Wednesday, January 12, 2005

Death of the Mainstream Media

In a news analysis on MSNBC, Howard Fineman postulates, "A political party is dying before our eyes — and I don't mean the Democrats. I'm talking about the "'mainstream media....'" He terms it "the AMMP (the American Mainstream Media Party)." Following an interesting analysis of how the mainstream media got to where it is today, he concludes:

...the last thing the AMMP needed was to aim wildly at the president — and not only miss, but be seen as having a political motivation in attacking in the first place. Were Dan Rather and Mary Mapes after the truth or victory when they broadcast their egregiously sloppy story about Bush's National Guard Service? The moment it made air it began to fall apart, and eventually was shredded by factions within the AMMP itself, conservative national outlets and by the new opposition party that is emerging: The Blogger Nation. It's hard to know now who, if anyone, in the "media" has any credibility.

And, as Walter Cronkite would say, that's the way it is.

And as Ralph Waldo Emerson said, "When you strike a king, you must kill him."


In the Washington Post on January 14, Howard Kurtz gives his take on the Fineman article and other subjects. Interesting read.


Blogger howard said...

I like your selection of the Emerson quote at the end, and in general I find Fineman's analysis comforting.

The demise of the old news giants will undoubtedly cause some confusion along the way, but the prospect of finally opening up space for news sources that don't feel so invincible, ones that may actually exist to serve the audience, rather than lead it. My first hand knowledge on this is scarce, but I've heard that the news was, once upon a time, considered a service, not a source of propaganda or entertainment. That would be nice to see again.

If the current "mainstream" media does survive, it will be by adaptation, which reminds me of an unattributed quote I see on the wall at work everyday:

"History is full of giants who couldn't adapt."

1:16 AM, January 13, 2005  
Blogger Tom Carter said...

I suppose one of the most important questions is how did newspapers and TV news become "giants" in the first place? As they all scrambled to try to become the next Edward R. Murrow, or Woodward & Bernstein, we were co-conspirators. We let them get away with it.
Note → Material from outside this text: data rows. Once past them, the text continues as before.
(* If $X$ is a Banach space such that $X$ or $X^*$ has property $(\alpha)$, then $X$ satisfies property $(A_d)$ for every integer $d\ge2$.
   Context: Let $(r_i)$ be independent Rademacher variables on $(\Omega_0,\mathbb{P})$; $\mathrm{Rad}(Z)$ is the closure in $L^2(\Omega_0;Z)$ of finite sums $\sum r_i\otimes z_i$. Property $(\alpha)$: there is $C$ with $\|\sum_{i,j\le n}a_{ij}r_i\otimes r_j\otimes x_{ij}\|_{\mathrm{Rad}(\mathrm{Rad}(X))}\le C\sup|a_{ij}|\,\|\sum_{i,j\le n}r_i\otimes r_j\otimes x_{ij}\|_{\mathrm{Rad}(\mathrm{Rad}(X))}$ for all $n$, complex $a_{ij}$ and $x_{ij}\in X$. For a finite family $(x_{i_1,\ldots,i_d})$ in $Z$, $N_d([x_{i_1,\ldots,i_d}])=\left(\int_{\Omega_0^d}\|\sum r_{i_1}(t_1)\cdots r_{i_d}(t_d)x_{i_1,\ldots,i_d}\|^2d\mathbb{P}^d\right)^{1/2}$. $X$ has property $(A_d)$ if there is $C>0$ with $|\sum a_{i_1,\ldots,i_d}\langle x^*_{i_1,\ldots,i_d},x_{i_1,\ldots,i_d}\rangle|\le C\sup|a_{i_1,\ldots,i_d}|\,N_d([x_{i_1,\ldots,i_d}])\,N_d([x^*_{i_1,\ldots,i_d}])$ for all finite families of scalars, $x_{i_1,\ldots,i_d}\in X$, $x^*_{i_1,\ldots,i_d}\in X^*$. *)

From HB Require Import structures.
From mathcomp Require Import all_boot all_order all_algebra.
From mathcomp Require Import complex.
From mathcomp Require Import all_classical all_reals all_analysis.
Import Order.TTheory GRing.Theory Num.Theory numFieldNormedType.Exports.

Set Implicit Arguments.
Unset Strict Implicit.
Unset Printing Implicit Defensive.

Local Open Scope ring_scope.
Local Open Scope complex_scope.
Local Open Scope classical_set_scope.

Section Rademacher.
Variable R : realType.

(* value of a Rademacher variable on the atom given by a sign bit *)
Definition rsign (b : bool) : R[i] := if b then 1 else -1.

(* Rad(Rad(Z))-norm of the finite sum sum_{i,j<n} r_i (x) r_j (x) x_ij, for a
   vector space V with a (real-valued) norm nrm.  Since the integrand only
   depends on (r_1(t),..,r_n(t)) and (r_1(s),..,r_n(s)), which are i.i.d.
   uniform on {-1,1}, the double L^2 integral is the average over sign
   vectors. *)
Definition radrad (V : lmodType R[i]) (nrm : V -> R) (n : nat)
    (x : 'I_n -> 'I_n -> V) : R :=
  Num.sqrt ((#|{ffun 'I_n -> bool}|%:R ^+ 2)^-1 *
    \sum_(e1 : {ffun 'I_n -> bool}) \sum_(e2 : {ffun 'I_n -> bool})
      nrm (\sum_(i < n) \sum_(j < n) (rsign (e1 i) * rsign (e2 j)) *: x i j) ^+ 2).

(* N_d of a finite family (x_{i_1,...,i_d}) indexed by multi-indices
   i : 'I_d -> 'I_n, i.e. the L^2(Omega_0^d; Z)-norm of
   sum r_{i_1}(t_1) ... r_{i_d}(t_d) x_{i_1..i_d}, written as the average over
   the 2^(n d) sign configurations e : 'I_d -> ('I_n -> bool). *)
Definition Nd (V : lmodType R[i]) (nrm : V -> R) (d n : nat)
    (x : {ffun 'I_d -> 'I_n} -> V) : R :=
  Num.sqrt ((#|{ffun 'I_d -> {ffun 'I_n -> bool}}|%:R)^-1 *
    \sum_(e : {ffun 'I_d -> {ffun 'I_n -> bool}})
      nrm (\sum_(i : {ffun 'I_d -> 'I_n})
             (\prod_(k < d) rsign (e k (i k))) *: x i) ^+ 2).
Lemma shifted_kl_le_mix d x y t : 0 < x + d -> 0 < y + d ->
    0 < x + t * (y - x) + d ->
  shifted_kl d y x
  <= shifted_kl d y (x + t * (y - x)) + t * ((y - x) ^+ 2 / (x + d)).
Proof.
move=> xd_gt0 yd_gt0 zd_gt0; rewrite /shifted_kl !ln_div ?posrE //.
have := ln_le_subr1 _ (divr_gt0 zd_gt0 xd_gt0); rewrite ln_div ?posrE //.
move=> /(ler_wpM2l (ltW yd_gt0)).
have -> : (y + d) * ((x + t * (y - x) + d) / (x + d) - 1)
  = t * (y - x) + t * ((y - x) ^+ 2 / (x + d)) by field; rewrite gt_eqF.
lra.
Qed.

Lemma ler_of_forall_lerD_scale (a b K : R) : 0 <= K ->
  (forall t, 0 < t -> t <= 1 -> a <= b + t * K) -> a <= b.
Proof.
move=> K_ge0 ab; apply/ler_addgt0Pr => e e_gt0.
have eK_gt0 : 0 < e + K by lra.
apply: (le_trans (ab (e / (e + K)) _ _)); rewrite ?divr_gt0 ?ler_pdivrMr //.
  by rewrite mul1r lerDl.
by rewrite lerD2l mulrAC ler_pdivrMr //; nra.
Qed.
End ShiftedKL.

Definition weighted_kl {R : realType} {V : finType} (S : pred V)
    (w d x y : V -> R) : R :=
  \sum_(v | S v) w v * shifted_kl (d v) (x v) (y v).

Section WeightedKL.
Context {R : realType} {V : finType} {S : pred V} {w d : V -> R}.
Hypotheses (w_gt0 : forall v, S v -> 0 < w v) (d_gt0 : forall v, S v -> 0 < d v).
Implicit Types (t : R) (x y z ch : V -> R).
Local Notation wkl := (weighted_kl S w d).

Let nonneg x := forall v, S v -> 0 <= x v.
Let mix t x y v := x v + t * (y v - x v).

Let shift_gt0 {x v} : nonneg x -> S v -> 0 < x v + d v.
Proof. by move=> x_ge0 Sv; have := x_ge0 v Sv; have := d_gt0 v Sv; lra. Qed.

Let mix_ge0 {t x y} : 0 <= t <= 1 -> nonneg x -> nonneg y -> nonneg (mix t x y).
Proof.
move=> /andP[t_ge0 t_le1] x_ge0 y_ge0 v Sv; rewrite /mix.
have := mulr_ge0 t_ge0 (y_ge0 v Sv).
have : 0 <= (1 - t) * x v by rewrite mulr_ge0 ?subr_ge0 ?x_ge0.
lra.
Qed.

Lemma weighted_kl_ge0 {x y} : nonneg x -> nonneg y -> 0 <= wkl x y.
Proof.
move=> x_ge0 y_ge0; apply: sumr_ge0 => v Sv.
rewrite mulr_ge0 ?shifted_kl_ge0 ?shift_gt0 //; exact: ltW (w_gt0 v Sv).
Qed.

Lemma weighted_kl_mix {t x y z} : 0 <= t <= 1 -> nonneg x -> nonneg y -> nonneg z ->
  wkl (mix t x y) z = (1 - t) * wkl x z + t * wkl y z
    - (1 - t) * wkl x (mix t x y) - t * wkl y (mix t x y).
Proof.
move=> t01 x_ge0 y_ge0 z_ge0; rewrite /weighted_kl !mulr_sumr -big_split -!sumrB /=.
apply: eq_bigr => v Sv.
rewrite shifted_kl_mix ?shift_gt0 //; first ring.
by have := mix_ge0 t01 x_ge0 y_ge0 v Sv; have := d_gt0 v Sv; rewrite /mix; lra.
Qed.

Lemma weighted_kl_le_mix {t x y} : 0 <= t <= 1 -> nonneg x -> nonneg y ->
  wkl y x <= wkl y (mix t x y)
             + t * \sum_(v | S v) w v * ((y v - x v) ^+ 2 / (x v + d v)).
Proof.
move=> t01 x_ge0 y_ge0; rewrite /weighted_kl mulr_sumr -big_split /=.
apply: ler_sum => v Sv; rewrite mulrCA -mulrDr ler_wpM2l ?(ltW (w_gt0 v Sv)) //.
apply: shifted_kl_le_mix; rewrite ?shift_gt0 //.
by have := mix_ge0 t01 x_ge0 y_ge0 v Sv; have := d_gt0 v Sv; rewrite /mix; lra.
Qed.

Lemma weighted_kl_three_point ch {q p f} :
    nonneg q -> nonneg p -> nonneg f ->
    \sum_(v | S v) p v = 1 -> \sum_(v | S v) f v = 1 ->
    (forall y, nonneg y -> \sum_(v | S v) y v = 1 ->
       wkl p q + \sum_(v | S v) p v * ch v <= wkl y q + \sum_(v | S v) y v * ch v) ->
  wkl f p + wkl p q
  <= wkl f q + \sum_(v | S v) f v * ch v - \sum_(v | S v) p v * ch v.
Proof.
move=> q_ge0 p_ge0 f_ge0 p1 f1 p_min.
pose obj y := wkl y q + \sum_(v | S v) y v * ch v.
apply: (ler_of_forall_lerD_scale _ _
  (\sum_(v | S v) w v * ((f v - p v) ^+ 2 / (p v + d v)))).
  apply: sumr_ge0 => v Sv; rewrite mulr_ge0 ?(ltW (w_gt0 v Sv)) //.
  by rewrite divr_ge0 ?sqr_ge0 ?(ltW (shift_gt0 p_ge0 Sv)).
(* Optimality of p against mix t p f and the mix identity give
   wkl f (mix t p f) <= obj f - obj p; moving the base point back to p costs
   at most t times the constant above. *)
move=> t t_gt0 t_le1; have t01 : 0 <= t <= 1 by rewrite ltW.
have mix1 : \sum_(v | S v) mix t p f v = 1.
  by rewrite /mix big_split /= -mulr_sumr sumrB p1 f1 subrr mulr0 addr0.
have obj_mix : obj (mix t p f) = (1 - t) * obj p + t * obj f
    - (1 - t) * wkl p (mix t p f) - t * wkl f (mix t p f).
  rewrite /obj weighted_kl_mix //.
  have -> : \sum_(v | S v) mix t p f v * ch v
      = (1 - t) * \sum_(v | S v) p v * ch v + t * \sum_(v | S v) f v * ch v.
    by rewrite !mulr_sumr -big_split; apply: eq_bigr => v _; rewrite /mix /=; ring.
  ring.
have := p_min _ (mix_ge0 t01 p_ge0 f_ge0) mix1.
rewrite -/(obj p) -/(obj _) obj_mix.
have : 0 <= (1 - t) * wkl p (mix t p f).
  by rewrite mulr_ge0 ?subr_ge0 // weighted_kl_ge0 //; apply: mix_ge0.
have := weighted_kl_le_mix t01 p_ge0 f_ge0.
rewrite /obj; nra.
Qed.
End WeightedKL.

Section PotentialGain.
Context {R : realType} {V : finType}.
Variable arc : rel V.
Implicit Types (G : V -> V -> R) (g : V -> R).

Definition potential_gain G g : R :=
  \sum_u \sum_(v | arc u v) G u v * (g v - g u).

Lemma potential_gainE G g :
  potential_gain G g = \sum_u g u * (insum arc G u - outsum arc G u).
Proof.
have in_exchange :
    \sum_u \sum_(v | arc u v) G u v * g v = \sum_v g v * insum arc G v.
  rewrite (exchange_big_dep xpredT) //=; apply: eq_bigr => v _.
  by rewrite /insum mulr_sumr; apply: eq_bigr => u _; rewrite mulrC.
rewrite /potential_gain (eq_bigr (fun u =>
    \sum_(v | arc u v) G u v * g v - g u * outsum arc G u)) => [|u _].
  by rewrite sumrB in_exchange -sumrB; apply: eq_bigr => u _; rewrite mulrBr.
rewrite /outsum mulr_sumr -sumrB; apply: eq_bigr => v _.
by rewrite mulrBr [g u * _]mulrC.
Qed.

End PotentialGain.

Section DAG.
Context {R : realType} {V : finType} {arc : rel V} {X : {set V}} {r : V}.
Hypothesis dag : is_DAG_over arc X r.
Implicit Types (G : V -> V -> R) (g : V -> R).

Lemma sink_no_arc x v : x \in X -> ~~ arc x v.
Proof.
case: dag => _ sinks _; rewrite sinks => /existsPn; exact.
Qed.

Lemma source_no_arc u : ~~ arc u r.
Proof.
case: dag => _ _ /(_ r); rewrite eqxx => /existsPn; exact.
Qed.

Lemma arc_source_notin {u v} : arc u v -> u \notin X.
Proof. by apply: contraTN => /sink_no_arc ->. Qed.

Lemma unit_flow_potential_gain {G g} : is_unit_flow arc X r G ->
  potential_gain arc G g = \sum_(x in X) g x * node_val arc X G x - g r.
Proof.
move=> [[_ conserve] Gr1].
have insum_r : insum arc G r = 0.
  by rewrite /insum big_pred0 // => u; apply/negbTE/source_no_arc.
have r_notin : r \notin X.
  apply/negP => rX; move: Gr1; rewrite /node_val rX insum_r => /eqP.
  by rewrite eq_sym oner_eq0.
rewrite potential_gainE (bigID (mem X)) /=; congr (_ + _).
  apply: eq_bigr => x xX; rewrite /node_val xX /outsum big_pred0 ?subr0 //.
  by move=> v; apply/negbTE/sink_no_arc.
rewrite (bigD1 r) //= big1 ?addr0 => [|u /andP[uX ur]]; last first.
  by rewrite conserve ?subrr ?mulr0.
by move: Gr1; rewrite /node_val (negbTE r_notin) insum_r => ->; rewrite sub0r mulrN1.
Qed.

End DAG.

Lemma local_divE {R : realType} {V : finType} (arc : rel V) (kappa : R)
    (omega theta : V -> V -> R) u (x y : V -> R) :
  local_div arc kappa omega theta u x y
  = weighted_kl (arc u) (fun v => kappa^-1 * (omega u v / Defs.eta theta u v))
        (delta theta u) x y.
Proof.
by rewrite /local_div /weighted_kl mulr_sumr; apply: eq_bigr => v _; rewrite mulrA.
Qed.
(* Let $n\ge 2$. For $\vec{x}=(x_1,\dots,x_n)\in\{0,1\}^n$ and $\vec{a}=(a_1,\dots,a_n)\in\{0,1\}^n$, define the $n$-partite Popescu–Rohrlich box $P^{PR}_n(\vec a\mid\vec x)=2^{-(n-1)}$ if $\bigoplus_i a_i=\prod_i x_i$ and $0$ otherwise, the even-parity box $P^c_n(\vec a\mid \vec x)=2^{-(n-1)}$ if $\bigoplus_i a_i=0$ and $0$ otherwise, and for $0\le\varepsilon\le 1$ the correlated non-local box $P^{PR}_{n,\varepsilon}=\varepsilon P^{PR}_n+(1-\varepsilon)P^c_n$. Consider the following generalized Brunner–Skrzypczyk (BS) protocol acting on two independent copies of an $n$-partite box shared by $n$ parties: party $i$ inputs $x_i$ into the first box and receives $a_i$; party $i$ then inputs $y_i=x_i\cdot(1\oplus a_i)$ into the second box and receives $b_i$; party $i$ outputs $c_i=a_i\oplus b_i$. The resulting map $\vec x\mapsto\vec c$ defines a new $n$-partite box. Then: (1) for every $0<\varepsilon<1$, applying the generalized BS protocol to two copies of $P^{PR}_{n,\varepsilon}$ yields a box $P^{PR}_{n,\varepsilon'}$ with $\varepsilon'>\varepsilon$; (2) for every $\varepsilon>0$, iterating the protocol (applying it to $2^m$ copies of $P^{PR}_{n,\varepsilon}$ recursively, pairing up the boxes obtained at each level) yields boxes $P^{PR}_{n,\varepsilon_m}$ with $\varepsilon_m\to 1$ as $m\to\infty$, i.e. $P^{PR}_{n,\varepsilon}$ is distilled arbitrarily closely to $P^{PR}_n$.
   Context: An $n$-partite box is a conditional probability distribution $P(\vec a\mid \vec x)$ with $n$ binary inputs and $n$ binary outputs, party $i$ holding input $x_i$ and output $a_i$; boxes used in a protocol are independent copies, and inputs to the second box may depend on the outputs of the first box at the same party (local wiring). *)

From HB Require Import structures.
From mathcomp Require Import all_boot all_order all_algebra.
From mathcomp Require Import all_classical all_reals all_analysis.
Unset Printing Implicit Defensive.
Import Order.TTheory GRing.Theory Num.Theory.
Local Open Scope ring_scope.

Definition bvec (n : nat) := {ffun 'I_n -> bool}.

(* An n-partite box: P a x = P(a | x), outputs a, inputs x. *)
Definition box (R : realType) (n : nat) := bvec n -> bvec n -> R.

Definition parity {n} (a : bvec n) : bool := \big[addb/false]_(i < n) a i.
Definition allprod {n} (x : bvec n) : bool := [forall i, x i].

Definition PR_box {R : realType} {n : nat} : box R n :=
  fun a x => if parity a == allprod x then ((2 ^+ (n.-1))%:R : R)^-1 else 0.

Definition even_box {R : realType} {n : nat} : box R n :=
  fun a x => if parity a == false then ((2 ^+ (n.-1))%:R : R)^-1 else 0.

Definition PR_eps {R : realType} {n : nat} (eps : R) : box R n :=
  fun a x => eps * PR_box a x + (1 - eps) * even_box a x.

Definition BS {R : realType} {n : nat} (P1 P2 : box R n) : box R n :=
  fun c x =>
    \sum_(a : bvec n) \sum_(b : bvec n)
      (if c == [ffun i => a i (+) b i] then
         P1 a x * P2 b [ffun i => x i && ~~ a i]
       else 0).

(* Level-m box from 2^m copies of P, pairing identical boxes at each level. *)
Definition BS_iter {R : realType} {n : nat} (P : box R n) (m : nat) : box R n :=
  iter m (fun Q => BS Q Q) P.

From HB Require Import structures.
From mathcomp Require Import all_boot all_order all_algebra.
From mathcomp Require Import all_classical all_reals all_analysis.
From mathcomp Require Import ring lra.

Import Order.TTheory GRing.Theory Num.Theory numFieldNormedType.Exports.

Set Implicit Arguments.
Unset Strict Implicit.
Local Open Scope classical_set_scope.
Local Open Scope ring_scope.

(* The protocol only changes the weight on the PR component: with
   N = 2^(n-1), two copies of P_eps produce P_eps' with
   eps' = eps + eps (1 - eps) / N, because the second box receives the
   all-ones input exactly when the first outputs all zeros.  Hence
   1 - eps' = (1 - eps) (1 - eps / N), and since the weight only increases, the
   defect 1 - eps_m decays geometrically with ratio 1 - eps / N. *)

Definition bxor {n} (a b : bvec n) : bvec n := [ffun i => a i (+) b i].

Definition bmask {n} (x a : bvec n) : bvec n := [ffun i => x i && ~~ a i].

Lemma parity_bxor n (a b : bvec n) : parity (bxor a b) = parity a (+) parity b.
Proof. by rewrite /parity /bxor; under eq_bigr do rewrite ffunE; exact: big_split. Qed.

Lemma parity0 n : parity ([ffun=> false] : bvec n) = false.
Proof. by rewrite /parity big1 // => i _; rewrite ffunE. Qed.

Lemma bxorK n (a : bvec n) : involutive (bxor a).
Proof. by move=> b; apply/ffunP => i; rewrite !ffunE addKb. Qed.

Lemma eq_bxor n (a b c : bvec n) : (c == bxor a b) = (b == bxor a c).
Proof. by apply/eqP/eqP => ->; rewrite bxorK. Qed.

Lemma allprod_bmask_false n (x a : bvec n) :
  allprod x = false -> allprod (bmask x a) = false.
Proof.
move=> /negbT /forallPn [i xi]; apply/negbTE/forallPn; exists i.
by rewrite ffunE (negbTE xi).
Qed.

Lemma allprod_bmask_true n (x a : bvec n) :
  allprod x = true -> allprod (bmask x a) = (a == [ffun=> false]).
Proof.
move=> /forallP x1; apply/forallP/eqP => [ma1|->].
  by apply/ffunP => i; move: (ma1 i); rewrite !ffunE x1; case: (a i).
by move=> i; rewrite !ffunE x1.
Qed.

Lemma BS_diagE (R : realType) n (P : box R n) c x :
  BS P P c x = \sum_a P a x * P (bxor a c) (bmask x a).
Proof.
apply: eq_bigr => a _; under eq_bigr do rewrite eq_bxor.
by rewrite -big_mkcond big_pred1_eq.
Qed.

Lemma eq_BS_diag (R : realType) n (P Q : box R n) : P =2 Q -> BS P P =2 BS Q Q.
Proof. by move=> PQ c x; rewrite !BS_diagE; apply: eq_bigr => a _; rewrite !PQ. Qed.

Lemma sum_parity (R : realType) n (u v : R) : (0 < n)%N ->
  \sum_(a : bvec n) (if parity a then u else v) = (2 ^+ n.-1)%:R * (u + v).
Proof.
move=> n_gt0; pose i0 : 'I_n := Ordinal n_gt0.
pose d : bvec n := [ffun i => i == i0].
have parity_d : parity d.
  by rewrite /parity (bigD1 i0) //= big1 ?ffunE ?eqxx // => i /negbTE; rewrite ffunE => ->.
set S := \sum_a _.
(* flipping one coordinate swaps the two parity classes *)
have S_swap : S = \sum_(a : bvec n) (if parity a then v else u).
  rewrite /S (reindex_inj (can_inj (bxorK d))).
  by apply: eq_bigr => a _; rewrite parity_bxor parity_d; case: (parity a).
have S_twice : S + S = (2 ^+ n)%:R * (u + v).
  rewrite {2}S_swap -big_split /= (eq_bigr (fun _ => u + v)); last first.
    by move=> a _; case: (parity a); rewrite // addrC.
  by rewrite sumr_const card_ffun card_bool card_ord mulr_natl -mulr_natl natrX.
have N2 : (2 ^+ n)%:R = 2 * (2 ^+ n.-1)%:R :> R.
  by rewrite -(prednK n_gt0) natrX exprS natrX.
rewrite N2 in S_twice.
apply: (@mulfI _ 2); first by rewrite pnatr_eq0.
by rewrite mulrA -S_twice; ring.
Qed.

Lemma PR_epsE (R : realType) n (e : R) (b y : bvec n) :
  PR_eps e b y = ((2 ^+ n.-1)%:R)^-1 *
    (if parity b then (if allprod y then e else 0)
     else if allprod y then 1 - e else 1).
Proof.
by rewrite /PR_eps /PR_box /even_box; case: (parity b); case: (allprod y) => /=; ring.
Qed.

Definition gain (R : realType) (k e : R) : R := e + k * e * (1 - e).

Lemma BS_PR_eps (R : realType) n (e : R) : (0 < n)%N ->
  BS (@PR_eps R n e) (PR_eps e) =2 PR_eps (gain ((2 ^+ n.-1)%:R^-1) e).
Proof.
move=> n_gt0 c x; set N := (2 ^+ n.-1)%:R : R.
have N_neq0 : N != 0 by rewrite pnatr_eq0 expn_eq0.
rewrite BS_diagE PR_epsE /gain -/N.
under eq_bigr do rewrite !PR_epsE parity_bxor -/N.
case x1: (allprod x); last first.
  under eq_bigr do rewrite allprod_bmask_false //.
  rewrite (eq_bigr (fun a => if parity a then 0
                            else if parity c then 0 else N^-1 * N^-1)); last first.
    by move=> a _; case: (parity a); case: (parity c) => /=; ring.
  by rewrite sum_parity // -/N; case: (parity c); field.
under eq_bigr do rewrite allprod_bmask_true //.
set z : bvec n := [ffun=> false].
rewrite (bigD1 z) //= parity0 eqxx.
pose G (a : bvec n) := N^-1 * (if parity a then e else 1 - e) *
   (N^-1 * (if parity a (+) parity c then 0 else 1)).
(* away from a = 0 the second box sees a non-all-ones input *)
rewrite (eq_bigr G); last by move=> a /negbTE ->.
have -> : \sum_(a | a != z) G a = \sum_a G a - G z.
  by rewrite [X in _ = X - _](bigD1 z) //= addrC addrK.
rewrite /G parity0 /=.
rewrite (eq_bigr (fun a => if parity a then (if parity c then N^-1 * e * N^-1 else 0)
                          else if parity c then 0 else N^-1 * (1 - e) * N^-1)); last first.
  by move=> a _; case: (parity a); case: (parity c) => /=; ring.
by rewrite sum_parity // -/N; case: (parity c) => /=; field.
Qed.

Lemma BS_iter_PR_eps (R : realType) n (e : R) m : (0 < n)%N ->
  BS_iter (@PR_eps R n e) m =2 PR_eps (iter m (gain ((2 ^+ n.-1)%:R^-1)) e).
Proof.
move=> n_gt0; elim: m => [//|m IHm] c x.
by rewrite /BS_iter iterS -/(BS_iter _ m) (eq_BS_diag IHm) BS_PR_eps.
Qed.

Section Gain.
Variables (R : realType) (k : R).
Hypotheses (k_gt0 : 0 < k) (k_le1 : k <= 1).

Lemma one_sub_gain (e : R) : 1 - gain k e = (1 - e) * (1 - k * e).
Proof. by rewrite /gain; ring. Qed.

Lemma gain_gt (e : R) : 0 < e < 1 -> e < gain k e.
Proof. by move=> /andP[e_gt0 e_lt1]; rewrite /gain ltrDl !mulr_gt0 // subr_gt0. Qed.

Lemma gain_ge_le1 (e : R) : 0 <= e <= 1 -> e <= gain k e <= 1.
Proof.
move=> /andP[e_ge0 e_le1]; have ke_le1 : k * e <= 1 by apply: mulr_ile1 => //; exact: ltW.
apply/andP; split; first by rewrite /gain lerDl !mulr_ge0 ?subr_ge0 // ltW.
by rewrite -subr_ge0 one_sub_gain; nra.
Qed.

Lemma iter_gain_ge_le1 (e : R) m : 0 <= e <= 1 -> e <= iter m (gain k) e <= 1.
Proof.
move=> e01; elim: m => [|m /andP[e_le em_le1]] /=; first by rewrite lexx; case/andP: e01.
have em01 : 0 <= iter m (gain k) e <= 1 by case/andP: e01 => *; apply/andP; split; lra.
by have /andP[? ?] := gain_ge_le1 em01; apply/andP; split; lra.
Qed.

Lemma one_sub_iter_gain_le (e : R) m : 0 <= e <= 1 ->
  1 - iter m (gain k) e <= (1 - e) * (1 - k * e) ^+ m.
Proof.
move=> e01; elim: m => [|m IHm] /=; first by rewrite expr0 mulr1.
have /andP[e_le em_le1] := iter_gain_ge_le1 m e01.
have em_ge0 : 0 <= iter m (gain k) e by apply: le_trans e_le; case/andP: e01.
have kem_le1 : k * iter m (gain k) e <= 1 by apply: mulr_ile1 => //; exact: ltW.
have ke_le : k * e <= k * iter m (gain k) e by rewrite ler_pM2l.
rewrite one_sub_gain exprS mulrCA [X in _ <= X]mulrC.
by apply: ler_pM => //; rewrite ?subr_ge0 // lerB.
Qed.

Lemma iter_gain_cvg (e : R) : 0 < e <= 1 -> iter m (gain k) e @[m --> \oo] --> (1 : R).
Proof.
move=> /andP[e_gt0 e_le1]; have e01 : 0 <= e <= 1 by apply/andP; split; lra.
have q_ge0 : 0 <= 1 - k * e by rewrite subr_ge0; apply: mulr_ile1 => //; exact: ltW.
have q_lt1 : 1 - k * e < 1 by rewrite ltrBlDr ltrDl mulr_gt0.
apply: (@squeeze_cvgr _ _ _ _ (fun m => 1 - (1 - e) * (1 - k * e) ^+ m) (cst 1)).
- apply: nearW => m; have := one_sub_iter_gain_le m e01.
  by have /andP[] := iter_gain_ge_le1 m e01; move=> *; apply/andP; split => /=; lra.
- rewrite -[X in _ --> X]subr0; apply: cvgB; first exact: cvg_cst.
  rewrite -(mulr0 (1 - e)); apply: (cvgM (cvg_cst _)).
  by apply: cvg_expr; rewrite ger0_norm.
- exact: cvg_cst.
Qed.

End Gain.

Theorem theorem1 (R : realType) (n : nat) (hn : (2 <= n)%N) :
  (forall eps : R, 0 < eps < 1 ->
     exists eps' : R, [/\ eps < eps', eps' <= 1 &
       BS (@PR_eps R n eps) (@PR_eps R n eps) =2 @PR_eps R n eps'])
  /\
  (forall eps : R, 0 < eps <= 1 ->
     exists epsm : nat -> R,
       [/\ (forall m, 0 <= epsm m <= 1),
           (forall m, BS_iter (@PR_eps R n eps) m =2 @PR_eps R n (epsm m)) &
           epsm m @[m --> \oo] --> (1 : R)]).
Proof.
have n_gt0 : (0 < n)%N by apply: leq_trans hn.
set k : R := (2 ^+ n.-1)%:R^-1.
have N_ge1 : 1 <= (2 ^+ n.-1)%:R :> R by rewrite ler1n expn_gt0.
have k_gt0 : 0 < k by rewrite invr_gt0 (lt_le_trans _ N_ge1).
have k_le1 : k <= 1 by rewrite invf_le1 // (lt_le_trans _ N_ge1).
split=> eps /andP[eps_gt0 eps_le1].
  have eps01 : 0 <= eps <= 1 by apply/andP; split; lra.
  exists (gain k eps); split; last exact: BS_PR_eps.
  - by apply: gain_gt => //; apply/andP.
  - by case/andP: (gain_ge_le1 k_gt0 k_le1 eps01).
have eps01 : 0 <= eps <= 1 by apply/andP; split; lra.
exists (fun m => iter m (gain k) eps); split.
- move=> m; have /andP[? ?] := iter_gain_ge_le1 k_gt0 k_le1 m eps01.
  by apply/andP; split; lra.
- by move=> m; exact: BS_iter_PR_eps.
- by apply: iter_gain_cvg => //; apply/andP.
Qed.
I've spent a lot of time, for many years, carefully reading and watching/listening to the media. It has long seemed to me that any reasonably informed person couldn't miss the blatant liberal bias of the mainstream media, even in cases where I happened to agree with them. It has always troubled me that intelligent voices on the left so eloquently claim there is no liberal bias in the media. It troubled me not so much because I thought they were wrong as because I thought maybe I was somehow missing the point.

But then I also read the less-influential conservative press and watch/listen to sources like Fox News and Rush Limbaugh once in a while, and their biases are equally evident to me. It seems to me that the key and telling difference is the conservative press readily states they are conservative and are generally proud of it. The liberal mainstream media, however, not only will not admit their liberal bias, they believe they are so profoundly correct in their views that it is absurd to challenge them. Well, it seems they've seriously over-reached, and the diminishing influence they're suffering is well-deserved.

Maybe we're headed to a time when we can trust the press to simply report the news factually, with their personal opinions relegated to the op-ed pages, where they belong.

I strongly recommend reading Bernard Goldberg's "Bias." The book is outstanding. Goldberg, a CBS insider, describes Dan Rather perfectly, and Rather's recent humiliation is perfectly consistent with Goldberg's description of him.